Интриги этого времени слишком откровенны и бессовестны, особенно если дело касается политики. Так, г-н Сарранти, приехавший в Париж для организации переворота в пользу сына Бонапарта, попадает под суд не за бонапартизм, а за убийство и ограбление, совершенные другим человеком («Сальватор»), Сарранти открыто говорит на процессе о своих политических взглядах, но судьи его не слышат и в протоколы его речь не заносится. Сарранти, человек чести, предпочитает идти на казнь, нежели просить помилования: невиновного нельзя
Аналогично меняются со временем и фавориты королей. Если мы сравним хотя бы миньонов Генриха III («Графиня де Монсоро») и семейство Дюбарри («Жозеф Бальзамо»), то различие сразу бросится в глаза.
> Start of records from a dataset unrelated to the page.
Lemma syndrome_stats_gt0 p x :
  is_distribution p -> 2^-1 < p (pid n) -> 0 < syndrome_stats p x.
Proof.
move=> [p_ge0 p_sum1] p1.
have rest : \sum_(e | e != pid n) p e = 1 - p (pid n).
  by rewrite -p_sum1 [in RHS](bigD1 (pid n)) //= addrC addrK.
suff : p (pid n) - \sum_(e | e != pid n) p e <= syndrome_stats p x by rewrite rest; lra.
rewrite /syndrome_stats [leRHS](bigD1 (pid n)) //= psign1 mul1r lerD2l -sumrN.
apply: ler_sum => e _; rewrite /psign; case: pcommute; rewrite ?mul1r ?mulN1r //.
by rewrite (le_trans _ (p_ge0 e)) // oppr_le0.
Qed.

Lemma syndrome_stats_local p (gm : {set 'I_n}) x u :
  (forall e, p e != 0 -> psupp e \subset gm) -> [disjoint psupp u & gm] ->
  syndrome_stats p (pmul x u) = syndrome_stats p x.
Proof.
move=> p_supp u_gm; apply: eq_bigr => e _.
have [->|pe] := eqVneq (p e) 0; first by rewrite !mulr0.
rewrite psignMl [psign R u e]/psign pcommute_disjoint ?mulr1 //.
exact: disjointWr (p_supp e pe) u_gm.
Qed.

Lemma syndrome_statsK f x :
  f x * #|{: pauli n}|%:R = \sum_c psign R c x * syndrome_stats f c.
Proof.
rewrite /syndrome_stats; under eq_bigr do rewrite mulr_sumr.
rewrite exchange_big /= (bigD1 x) //= [X in _ + X]big1 ?addr0 => [|y yx].
  by under eq_bigr do rewrite mulrA; rewrite -mulr_suml sum_psign2 eqxx mulrC.
by under eq_bigr do rewrite mulrA; rewrite -mulr_suml sum_psign2 eq_sym (negbTE yx) mul0r.
Qed.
Во-первых, миньоны Генриха III: Келюс, Шомберг, Можирон, д’Эпернон, Сен-Мегрен — дворяне далеко не в первом поколении. Несмотря на явную изнеженность и женственность, свойственную их, судя по всему, особой сексуальной ориентации, соответствующей вкусам короля, они остаются воинами-дворянами, видящими свой долг в защите чести короны. Пропаганда Католической лиги, всеми средствами поносившей последнего Валуа, сделала из миньонов чудовищ. Во время восстания в Париже (этот период у Дюма уже не описан) толпа осквернила их могилы. Но Дюма не видит причин для предвзятости и показывает нам этих молодых людей во всем многообразии их характеров: они заносчивы и устраивают Бюсси засаду, нападая вчетвером на одного (за что получают по заслугам), но они всегда стоят на защите короля, которого любят и как человека, и как олицетворение принципа власти, и в конце концов погибают, защищая этот принцип.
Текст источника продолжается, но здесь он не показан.